Some trans-acting repressive factors are known to recruit HDACs to DNA independently of MBD proteins or DNA methylation (16–18). Early studies with Moloney murine leukemia virus (MMLV) identified a number of repressive cis-acting elements in the LTR and untranslated region of the virus (19). These include binding sites for the embryonal LTR-binding protein (20) and the YY1 nuclear factor, the latter of which is known to associate with HDAC-containing transcriptional co-repressor complexes (18). Although the newer generation MSCV retroviral vector investigated in this study lacks many of the known cis-acting repressive elements present in MMLV (21), it remains sensitive to transcriptional silencing in ES cells and hematopoietic stem cells (HSC) (2, 3, 22) and has been shown to harbor repressive cis-acting sequences in the LTR and untranslated region (23).
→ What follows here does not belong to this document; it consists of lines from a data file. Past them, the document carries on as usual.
(* Let $F:(\mathbb R^n\times\mathbb R,0)\to(\mathbb R^m,0)$, $n\ge m\ge 2$, $F=(f_1,\dots,f_m)$, be an analytic germ satisfying: there exists $0<\theta<1$ such that for every $x_0\in F_0^{-1}(0)\cap\operatorname{Sing}F_0\setminus\{0\}$ there is $c(x_0)>0$ with $\|F(x,t)\|^\theta\le c(x_0)\nu_{F_t}(x)$ for all $(x,t)\notin\operatorname{Sing}\widetilde F$ close enough to $(x_0,0)$. Let $L\in\mathbb N$ with $\theta<\frac{L-1}{L}$, let $X=\{(x,t,s)\in\mathbb R^n\times\mathbb R\times\mathbb R^m: f_i(x,t)=s_i^L,\ i=1,\dots,m\}$ and $\pi:X\to\mathbb R$, $\pi(x,t,s)=t$. Let $x_0\in F_0^{-1}(0)\cap\operatorname{Sing}F_0\setminus\{0\}$ and let $(x_k,t_k,s_k)\in X$ be a sequence with $(x_k,t_k)\notin\operatorname{Sing}\widetilde F$, $(x_k,t_k,s_k)\to(x_0,0,0)$, such that the $n$-dimensional tangent spaces $T_{(x_k,t_k,s_k)}(\pi^{-1}(t_k)\cap X)$ converge in the Grassmannian to a space $T$. Then $T=A\times\{0\}\times\mathbb R^m\subset\mathbb R^n\times\mathbb R\times\mathbb R^m$ for some linear subspace $A\subset\mathbb R^n$ of dimension $n-m$.
   Context: $F_t=F(\cdot,t)$, $F_0=F(\cdot,0)$, $\widetilde F(x,t)=(F(x,t),t)$. $\nu_{F_t}(x):=\min_{\|a\|=1}\bigl\|\sum_{i=1}^m a_i\operatorname{grad}_x f_i(x,t)\bigr\|$ with $\operatorname{grad}_x f_i=(\partial f_i/\partial x_1,\dots,\partial f_i/\partial x_n)$. $\operatorname{Sing}$ of a map denotes the set where its Jacobian has rank less than the target dimension; note $(x,t)\notin\operatorname{Sing}\widetilde F$ iff $\nu_{F_t}(x)>0$, so near such points $\pi^{-1}(t)\cap X$ is a smooth $n$-dimensional manifold. *)

From HB Require Import structures.
From mathcomp Require Import all_boot all_order all_algebra.
From mathcomp Require Import all_classical all_reals all_analysis.
Set Implicit Arguments. Unset Strict Implicit. Unset Printing Implicit Defensive.
Import Order.TTheory GRing.Theory Num.Theory.
Import numFieldNormedType.Exports.
Local Open Scope classical_set_scope.
Local Open Scope ring_scope.

Section Defs.
Variable R : realType.

Definition enorm (N : nat) (v : 'rV[R]_N) : R := Num.sqrt (\sum_i v 0 i ^+ 2).

Definition pseries_partial (N : nat) (c : ('I_N -> nat) -> R) (a x : 'rV[R]_N)
    (d : nat) : R :=
  \sum_(al : {ffun 'I_N -> 'I_d.+1} | (\sum_i (al i : nat) <= d)%N)
     c (fun i => (al i : nat)) * \prod_i (x 0 i - a 0 i) ^+ (al i).

Definition pseries_abs_partial (N : nat) (c : ('I_N -> nat) -> R) (a x : 'rV[R]_N)
    (d : nat) : R :=
  \sum_(al : {ffun 'I_N -> 'I_d.+1} | (\sum_i (al i : nat) <= d)%N)
     `|c (fun i => (al i : nat))| * \prod_i `|x 0 i - a 0 i| ^+ (al i).

Definition analytic_at (N : nat) (g : 'rV[R]_N -> R) (a : 'rV[R]_N) : Prop :=
  exists r : R, 0 < r /\ exists c : ('I_N -> nat) -> R,
    forall x, enorm (x - a) < r ->
      (exists M : R, forall d, pseries_abs_partial c a x d <= M) /\
      (pseries_partial c a x @ \oo --> g x).

Definition analytic_on (N : nat) (U : set 'rV[R]_N) (g : 'rV[R]_N -> R) : Prop :=
  forall a, U a -> analytic_at g a.

Definition xt (n : nat) (x : 'rV[R]_n) (t : R) : 'rV[R]_(n + 1) := row_mx x t%:M.

Section Map.
Variables (n m : nat) (F : 'rV[R]_n -> R -> 'rV[R]_m).

Definition JxF (t : R) (x : 'rV[R]_n) : 'M[R]_(m, n) :=
  \matrix_(i < m, j < n) 'D_(delta_mx 0 j) (fun y => F y t 0 i) x.

Definition dtF (x : 'rV[R]_n) (t : R) : 'cV[R]_m :=
  \col_(i < m) 'D_1 (fun s : R => F x s 0 i) t.

Definition SingFt (t : R) (x : 'rV[R]_n) : bool := (\rank (JxF t x) < m)%N.

(* Jacobian of Ftilde(x,t) = (F(x,t), t) : R^(n+1) -> R^(m+1) *)
Definition JFtilde (x : 'rV[R]_n) (t : R) : 'M[R]_(m + 1, n + 1) :=
  block_mx (JxF t x) (dtF x t) 0 1%:M.

Definition SingFtilde (x : 'rV[R]_n) (t : R) : bool :=
  (\rank (JFtilde x t) < m + 1)%N.

Definition nuF (t : R) (x : 'rV[R]_n) : R :=
  inf [set enorm (a *m JxF t x) | a in [set a : 'rV[R]_m | enorm a = 1]].

(* Tangent space at (x,t,s) of pi^{-1}(t) cap X, X = {f_i(x,t) = s_i^L},
   as a subspace of R^n x R x R^m (coordinates ordered x, t, s):
   kernel of the differential of (x,t,s) |-> (F(x,t) - s^L, t). *)
Definition tangent_fibre (L : nat) (x : 'rV[R]_n) (t : R) (s : 'rV[R]_m)
    : 'M[R]_(n + 1 + m) :=
  kermx (col_mx
    (col_mx (row_mx (JxF t x)^T (0 : 'M[R]_(n, 1)))
            (row_mx (dtF x t)^T (1%:M : 'M[R]_1)))
    (row_mx (- (L%:R) *: diag_mx (map_mx (fun a => a ^+ L.-1) s))
            (0 : 'M[R]_(m, 1)))).
End Map.

(* orthogonal projection matrix onto the row space of U; the Grassmannian
   topology is the one induced by U |-> orthoproj U *)
Definition orthoproj (N k : nat) (U : 'M[R]_(k, N)) : 'M[R]_N :=
  let B := row_base U in (B^T *m invmx (B *m B^T)) *m B.

(* the subspace A x {0} x R^m of R^n x R x R^m *)
Definition embedA (n m : nat) (A : 'M[R]_n) : 'M[R]_(n + m, n + 1 + m) :=
  col_mx (row_mx (row_mx A (0 : 'M[R]_(n, 1))) (0 : 'M[R]_(n, m)))
         (row_mx (0 : 'M[R]_(m, n + 1)) (1%:M : 'M[R]_m)).

End Defs.

(* The direction of t is orthogonal to every fibre tangent space, hence to T.
   For an s-direction e_j, let J be the x-Jacobian of F at a point (x, t, s) of
   X. The vector (w, 0, e_j) with w = L s_j^(L-1) e_j (J J^T)^-1 J is tangent
   to the fibre, and |w| <= L |s_j|^(L-1) / nu. Since |s_j|^L <= |F| and
   |F|^theta <= C nu by the gradient inequality, |w| <= L C |s_j|^(L-1-L theta),
   which tends to 0 because theta < (L-1)/L. Passing to the limit in the
   orthogonal projections gives e_j in T. A subspace of dimension n containing
   {0} x {0} x R^m and orthogonal to the t-axis is A x {0} x R^m with
   dim A = n - m. *)

From HB Require Import structures.
From mathcomp Require Import all_boot all_order all_algebra.
From mathcomp Require Import all_classical all_reals all_analysis.
From mathcomp Require Import ring lra.
Import Order.TTheory GRing.Theory Num.Theory.
Import numFieldNormedType.Exports.
Local Open Scope classical_set_scope.
Local Open Scope ring_scope.

Set Implicit Arguments.
Unset Strict Implicit.
Unset Printing Implicit Defensive.

Section Gram.
Variable R : realFieldType.

Lemma row_mul_tr_eq0 N (w : 'rV[R]_N) : (w *m w^T) 0 0 = 0 -> w = 0.
Proof.
rewrite mxE (eq_bigr (fun j => w 0 j ^+ 2)) => [|j _]; last by rewrite mxE expr2.
move/eqP; rewrite psumr_eq0 => [/allP w0|j _]; last exact: sqr_ge0.
apply/rowP => j; apply/eqP; rewrite mxE -sqrf_eq0.
exact: implyP (w0 j (mem_index_enum j)) isT.
Qed.

Lemma row_free_gram_unit p N (B : 'M[R]_(p, N)) :
  row_free B -> B *m B^T \in unitmx.
Proof.
move=> freeB; rewrite -row_free_unit -kermx_eq0; apply/eqP/row_matrixP => i.
set K := kermx _; rewrite row0; apply: (row_free_inj freeB); rewrite mul0mx.
apply: row_mul_tr_eq0.
rewrite trmx_mul !mulmxA -(mulmxA (row i K)) -row_mul mulmx_ker row0.
by rewrite !mul0mx mxE.
Qed.

Lemma gram_projK r N (B : 'M[R]_(r, N)) : B *m B^T \in unitmx ->
  B *m (B^T *m invmx (B *m B^T) *m B) = B.
Proof. by move=> gramB; rewrite !mulmxA mulmxV ?mul1mx. Qed.

Lemma gram_projKtr r N (B : 'M[R]_(r, N)) : B *m B^T \in unitmx ->
  B^T *m invmx (B *m B^T) *m B *m B^T = B^T.
Proof. by move=> gramB; rewrite -!mulmxA mulVmx ?mulmx1. Qed.

End Gram.

Section Orthoproj.
Variable R : realType.

Lemma orthoprojE N k (U : 'M[R]_(k, N)) : orthoproj U =
  (row_base U)^T *m invmx (row_base U *m (row_base U)^T) *m row_base U.
Proof. by []. Qed.

Lemma orthoproj_id N k p (U : 'M[R]_(k, N)) (u : 'M[R]_(p, N)) :
  (u <= U)%MS -> u *m orthoproj U = u.
Proof.
rewrite -(eq_row_base U) => /submxP[y ->]; rewrite orthoprojE.
by rewrite -(mulmxA y) gram_projK ?row_free_gram_unit ?row_base_free.
Qed.
Lemma steiner_diam_le_sq n k :
  (forall S : {set T}, #|S| = n -> exists V F, S_tree e S V F /\ #|V| <= k) ->
  steiner_diam e n <= k * k.
Proof.
move=> small_trees; apply/bigmax_leqP => S /eqP /small_trees [V [F [StF Vk]]].
have FV x y : F x y -> x \in V /\ y \in V.
  case: StF => [[Fe FV _ _ _] _] Fxy; split; first exact: FV Fxy.
  by apply: (FV y x); case: (Fe _ _ Fxy).
apply: leq_trans (least_le (m := num_edges F) _) _; first by exists V, F.
by apply: leq_trans (num_edges_le FV) _; apply: leq_mul.
Qed.

Lemma rainbow_index_spec k :
  (forall S : {set T}, #|S| = k -> exists V F, S_tree e S V F) ->
  exists c, edge_coloring e (rainbow_index e k) c /\ k_rainbow_coloring e k c.
Proof.
move=> trees; pose P N := exists c, edge_coloring e N c /\ k_rainbow_coloring e k c.
suff : P #|{: {set T}}| by case/least_spec.
pose c (x y : T) := nat_of_ord (enum_rank [set x; y]); exists c.
split=> [x y _|S /trees [V [F StF]]]; first by rewrite /c setUC.
by exists V, F; split=> // x y u v _ _ /val_inj /enum_rank_inj.
Qed.

Section Pendant.
Variables (n : nat) (leaf hub : 'I_n -> T).
Hypotheses (n_gt2 : 2 < n) (leaf_inj : injective leaf)
  (leaf_hub : forall i j, leaf i != hub j) (e_leaf_hub : forall i, e (leaf i) (hub i))
  (hub_unique : forall i y, e (leaf i) y -> y = hub i).

(* A rainbow tree through [leaf i], [leaf j] and a third leaf must contain both
   pendant edges [leaf i -- hub i] and [leaf j -- hub j]. *)
Lemma pendant_colors_neq c : k_rainbow_coloring e 3 c ->
  forall i j, i != j -> c (leaf i) (hub i) != c (leaf j) (hub j).
Proof.
move=> rb i j ij.
have [|k [ki kj]] := exists_neq2 i j; first by rewrite card_ord.
rewrite ![k == _]eq_sym in ki kj.
have leaf_neq a b : a != b -> leaf a != leaf b.
  by move=> ab; apply: contra ab => /eqP /leaf_inj ->.
have [V [F [[[Fe _ Fconn _ _] SV] rbF]]] :=
  rb _ (cards3 (leaf_neq _ _ ij) (leaf_neq _ _ ki) (leaf_neq _ _ kj)).
have pendant_in_tree a b : leaf a \in V -> leaf b \in V -> a != b -> F (leaf a) (hub a).
  move=> aV bV ab; have [z Fz] := connect_neighbor (Fconn _ _ aV bV) (leaf_neq _ _ ab).
  by rewrite -(hub_unique (proj1 (Fe _ _ Fz))).
have iV : leaf i \in V by apply: (subsetP SV); rewrite !inE eqxx.
have jV : leaf j \in V by apply: (subsetP SV); rewrite !inE eqxx !orbT.
apply/negP => /eqP same; have := rbF _ _ _ _ (pendant_in_tree _ _ iV jV ij).
move=> /(_ _ _ (pendant_in_tree _ _ jV iV _) same) /setP /(_ (leaf i)).
rewrite eq_sym ij !inE eqxx (negbTE (leaf_neq _ _ ij)) => /(_ isT) /esym /eqP E.
by move: (leaf_hub i j); rewrite E eqxx.
Qed.
(* Let $n \geq 8$ be an integer. Then the class $\mathcal{Q}$ of functions on $\mathbb{R}^n$ (defined in the context) is empty. That is, there is no function $Q:\mathbb{R}^n\to\mathbb{R}$ of the form $Q(x)=x^TMx$ such that (a) $M\in\mathbb{R}^{n\times n}$ is nonzero, symmetric and nonnegative definite; (b) $Q(Ax)\le Q(x)$ for every $A\in\mathcal{A}$ and every $x\in\mathbb{R}^n$; and (c) $Q(\mathbf{e})=0$.
   Context: Fix a positive integer $n$. Let $\mathbf{e}\in\mathbb{R}^n$ be the vector with all components equal to $1$. A square matrix is stochastic if it is entrywise nonnegative and each row sums to $1$. Let $\mathcal{A}\subset\mathbb{R}^{n\times n}$ be the set of stochastic matrices $A=(a_{ij})$ such that: (i) $a_{ii}>0$ for all $i$; (ii) all positive entries in any given row of $A$ are equal; (iii) $a_{ij}>0$ if and only if $a_{ji}>0$; (iv) the graph on vertex set $\{1,\dots,n\}$ with edge set $\{(i,j): a_{ij}>0\}$ is connected. (These are exactly the matrices of one iteration $x\mapsto Ax$ of the equal-neighbor averaging algorithm on a symmetric connected graph with self-loops, where each node replaces its value by the unweighted average of its neighbors' values, including its own.) The class $\mathcal{Q}$ consists of all functions $Q:\mathbb{R}^n\to\mathbb{R}$ of the form $Q(x)=x^TMx$ where (a) $M$ is nonzero, symmetric and nonnegative definite; (b) $Q(Ax)\le Q(x)$ for all $A\in\mathcal{A}$ and $x\in\mathbb{R}^n$; (c) $Q(\mathbf{e})=0$. *)

From mathcomp Require Import all_boot all_order all_algebra.
From mathcomp Require Import reals.
Set Implicit Arguments. Unset Strict Implicit. Unset Printing Implicit Defensive.
Import Order.TTheory GRing.Theory Num.Theory.
Local Open Scope ring_scope.
Theorem lemma4p2 (A : comUnitRingType) (D : ebth_data A) (k m : nat) (tau : A) :
  ebth_axioms D -> (0 < k)%N -> (0 < m)%N -> is_tau D k m tau ->
  (forall n : nat, (0 < n)%N ->
     ASvM D tau (Lk D tau n) (der D (VT n) tau)
     /\ ASvM D tau (Lm D tau n) (der D (VTb n) tau))
  /\ (forall p : nat, ASvM D tau (LplogL2 D tau k m p) (der D (VX p) tau))
  /\ ASvM D tau (lam A 0) (svar D * tau).
Proof.
move=> ax _ _ [tau_unit _ flow_t flow_tb flow_x]; split; [|split].
- by move=> n n_gt0; split; apply: ASvM_flow => //; [exact: flow_t | exact: flow_tb].
- by move=> p; apply: ASvM_flow => //; exact: flow_x.
- exact: ASvM_svar.
Qed.
(* For every $n\ge 8$, the Pachner graph $\mathcal{S}_n$ of $n$-vertex stacked $2$-spheres is disconnected.
   Context: A triangulated $2$-sphere is a finite simplicial complex whose geometric realization is homeomorphic to the $2$-sphere. Edge flip $ab\mapsto cd$: if $abc,abd$ are triangles and $cd$ is not an edge, replace $abc,abd$ by $acd,bcd$. A stacked $3$-ball is a simplicial complex obtained from a single tetrahedron by repeatedly gluing a new tetrahedron along exactly one boundary triangle, introducing one new vertex each time. A stacked $2$-sphere is a triangulated $2$-sphere isomorphic to the boundary of a stacked $3$-ball. $\mathcal{S}_n$ is the graph whose nodes are the isomorphism classes of $n$-vertex stacked $2$-spheres, two nodes being adjacent iff a representative of one can be transformed into a representative of the other by a single edge flip. *)

From Stdlib Require Import Relations.
From HB Require Import structures.
From mathcomp Require Import all_boot all_fingroup.
Set Implicit Arguments. Unset Strict Implicit. Unset Printing Implicit Defensive.

(* A pure simplicial complex is represented by its set of facets.
   Tetrahedra are 4-element vertex sets, triangles 3-element vertex sets. *)

Section Complexes.
Variable T : finType.

Definition boundary (B : {set {set T}}) : {set {set T}} :=
  [set s : {set T} | (#|s| == 3) && (#|[set t in B | s \subset t]| == 1)].

Definition vertices (K : {set {set T}}) : {set T} := \bigcup_(t in K) t.
Theorem mainTheorem4 (R : realType) (n : nat) (Phi : set 'rV[R]_3)
  (alpha : 'I_2 -> 'rV[R]_3) :
  (2 <= n)%N ->
  is_type_I2 (@dot3 R) n Phi ->
  simple_system Phi alpha ->
  (forall i, dot3 (alpha i) (alpha i) = 1) ->
  dot3 (alpha 0) (alpha 1) = - cos (pi / n%:R) ->
  let P := gen_group ((vec @` Phi) `|` [set e123 R]) in
  let G := P `&` @cl_even R in
  let a1 := vec (alpha 0) in
  let a2 := vec (alpha 1) in
  let beta : 'I_4 -> Cl3 R :=
    fun i => nth 0 [:: clmul a1 a1; clmul a1 a2; clmul a1 (e123 R);
                       clmul a2 (e123 R)] i in
  [/\ root_system (@spinor_ip R) G,
      is_type_I2I2 (@spinor_ip R) n G,
      simple_system G beta
    & cartan (@spinor_ip R) beta = I2I2cartan R n].
Proof.
move=> n_ge2 [Phi_root _] alpha_simple alpha_unit alpha01 P G a1 a2 beta.
rewrite /G /P (even_gen_group n_ge2 Phi_root alpha_simple alpha_unit alpha01).
rewrite /beta /a1 /a2 (simple_spinors_eq n_ge2 alpha_unit alpha01).
exact: spinor_frames_I2I2.
Qed.
Theorem theorem4p2 (R : rcfType) (n : nat) (A : 'M[R]_n) (Q : 'M[R]_(n + n)) :
  (2 <= n)%N -> tridiagonal A -> alg1_output A Q ->
  let M := ulsubmx Q *m (dlsubmx Q)^T in
  forall k : 'I_n, (1 <= k)%N ->
    (\rank (mxsub (@first_idx n k) (@last_idx n k) M) <= 2)%N /\
    (\rank (mxsub (@last_idx n k) (@first_idx n k) M) <= 2)%N.
Proof.
move=> le2n triA out M k _.
have [R1 [QR1 Q2R1 QQ]] := alg1_output_qr le2n triA out.
have KL := qr_block_inverse QR1 Q2R1 QQ; set L := block_mx (1%:M - _) _ _ _ in KL.
have -> : M = ursubmx L by rewrite block_mxKur.
have ltk := ltn_ord k; have lt_k1 : (k.-1 < n + n)%N by lia.
have lt_k : (k < n + n)%N by lia.
have rank_le2 P :=
  mxrank_ursubmx_inv_le2 (P := P) (r1 := Ordinal lt_k1) (r2 := Ordinal lt_k) KL.
split; [apply: (rank_le2 _ _ _ _ (lead_cut k)) | apply: (rank_le2 _ _ _ _ (trail_cut k))].
- by move=> a b Pa Pb; rewrite -!val_eqE; apply: lead_cut_support.
- by move=> i; rewrite /lead_cut /=; have := ltn_ord i; lia.
- by move=> j; rewrite /lead_cut /=; have := ltn_ord j; lia.
- by move=> a b Pa Pb; rewrite -!val_eqE; apply: trail_cut_support.
- by move=> i; rewrite /trail_cut /=; have := ltn_ord i; lia.
- by move=> j; rewrite /trail_cut /=; have := ltn_ord j; lia.
Qed.
(* For every RelReach instance with $\mathsf{comp}\in\{\ge,>,\not\approx_\epsilon\mid \epsilon\in\mathbb Q_{\ge0}\}$ satisfying one of the conditions (a) $n=m$; (b) for all $i,i'$: $k_i=k_{i'}\Rightarrow s_i=s_{i'}$, and all $T_i$ are absorbing; (c) for all $i,i'$: $k_i=k_{i'}\Rightarrow((q_i\ge0\iff q_{i'}\ge 0)\wedge T_i=T_{i'})$, the property holds when quantifying over general schedulers if and only if it holds when quantifying over memoryless deterministic schedulers.
   Context: An MDP is $\mathcal M=(S,\mathrm{Act},P)$ with $S,\mathrm{Act}$ finite non-empty and $P:S\times\mathrm{Act}\times S\to[0,1]$ such that each state has a non-empty set of enabled actions $\alpha$ (with $\sum_{s'}P(s,\alpha,s')=1$), and $\sum_{s'}P(s,\alpha,s')=0$ for others. A state is absorbing if $P(s,\alpha,s)=1$ for all enabled $\alpha$; a set is absorbing if all its states are. A general scheduler maps finite paths to distributions over enabled actions of the last state; a memoryless deterministic (MD) scheduler chooses one enabled action depending only on the current state. $\Pr^\sigma_s(\Diamond T)$ is the probability of eventually reaching $T$ from $s$ under $\sigma$. A RelReach property is $\exists \sigma_1,\ldots,\sigma_n.~\sum_{i=1}^m q_i\Pr^{\sigma_{k_i}}_{s_i}(\Diamond T_i)\ \mathsf{comp}\ q_{m+1}$ with $m\ge n$, $q_i\in\mathbb Q$, $s_i\in S$, $\{k_1,\dots,k_m\}=\{1,\dots,n\}$, $T_i\subseteq S$; $r\not\approx_\epsilon r'$ iff $|r-r'|>\epsilon$. *)

From HB Require Import structures.
From mathcomp Require Import all_boot all_order all_algebra.
From mathcomp Require Import classical_sets reals.
Set Implicit Arguments. Unset Strict Implicit. Unset Printing Implicit Defensive.
Import Order.TTheory GRing.Theory Num.Theory.
Local Open Scope ring_scope.
Local Open Scope classical_set_scope.

Section MDP.
Variables (R : realType) (S Act : finType).
Variable P : S -> Act -> S -> R.

Definition enabled (s : S) (a : Act) : bool := (\sum_(s' : S) P s a s') == 1.

Definition mdp_wf : Prop :=
  [/\ (forall s a s', 0 <= P s a s' <= 1),
      (forall s a, (\sum_(s' : S) P s a s' == 1) || (\sum_(s' : S) P s a s' == 0))
    & (forall s, exists a, enabled s a)].

Definition absorbing_state (s : S) : Prop := forall a, enabled s a -> P s a s = 1.
Definition absorbing (T : {set S}) : Prop := forall s, s \in T -> absorbing_state s.

(* A finite path s0 a0 s1 a1 ... ak sk is represented by its first state s0
   and the sequence of steps [(a0,s1); ...; (a_{k-1},sk)]. *)
Definition last_state (s0 : S) (h : seq (Act * S)) : S := last s0 [seq x.2 | x <- h].

Definition scheduler := S -> seq (Act * S) -> Act -> R.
Repressive effects of DNA methylation have been reported to be most potent when located within or near promoter regions (24, 25). In the MSCV LTR, two major clusters of six and seven CpG dinucleotides are located within proximity of each other, one completely within the U3 region and the other directly overlapping the transcription initiation site in the R region. To directly determine the contribution of DNA methylation in the promoter region of the LTR to retroviral silencing, we mutated the CpGs in each of these clusters independently or in toto and assessed effects of the mutations on silencing of MSCV expression in murine ES cells. An analysis of numerous single copy proviral integrants showed that mutation of CpGs in both clusters eliminated proviral integrants that were completely silenced, thus defining the promoter region CpGs as a repressive element in ES cells. Irrespective of the presence of CpGs in the mutated promoter region, many of the integrants exhibited variegated expression, which is defined by expression (or silencing) of provirus in a fraction of cells within a clonal population. Unlike completely silenced integrants, the variegated phenotype was shown to reflect a reversible transient state of silencing. However, similar to completely silenced clones, the frequency of silencing within each variegated clonal population was stable over time and an apparent property of the genomic site of integration. Treatment with 5-azadC delayed the kinetics of establishing the silenced proviral state but resulted in only modest, if any, reactivation of completely silenced or variegated clones at late times post-transduction. These results are direct evidence for a causal contribution of DNA methylation in the LTR to retroviral silencing and suggest distinct mechanisms for establishment and maintenance of the silenced state.

	EXPERIMENTAL PROCEDURES

TOP ABSTRACT INTRODUCTION EXPERIMENTAL PROCEDURES RESULTS DISCUSSION REFERENCES

 
Retroviral Vectors—The green fluorescent protein (GFP) coding sequence optimized for human codon usage (26) was inserted into the MSCV retroviral vector (21) in place of the phosphoglycerate kinase-neomycin cassette. For introducing the CpG mutations into the 3'-LTR, PCR was used to amplify the XbaI-SacI and XbaI-KpnI restriction fragments using a common 5' primer spanning the XbaI site and 3' primers containing the U3 and R region mutations spanning the SacI and KpnI sites, respectively. Amplified fragments containing the mutations were ligated in place of their corresponding wild-type restriction fragments in the 3'-LTR. Mutations in the R region were introduced into both 3'- and 5'-LTRs. During retroviral reverse transcription, the sequence of the 3'-U3 region is copied to the 5'-LTR, whereas the 5'-R region sequence may be derived from either 5'- or 3'-R regions or both. Confirmation of CpG mutations in the 5'-LTRs of integrated provirus was confirmed by DNA sequencing of PCR-amplified provirus (data not shown).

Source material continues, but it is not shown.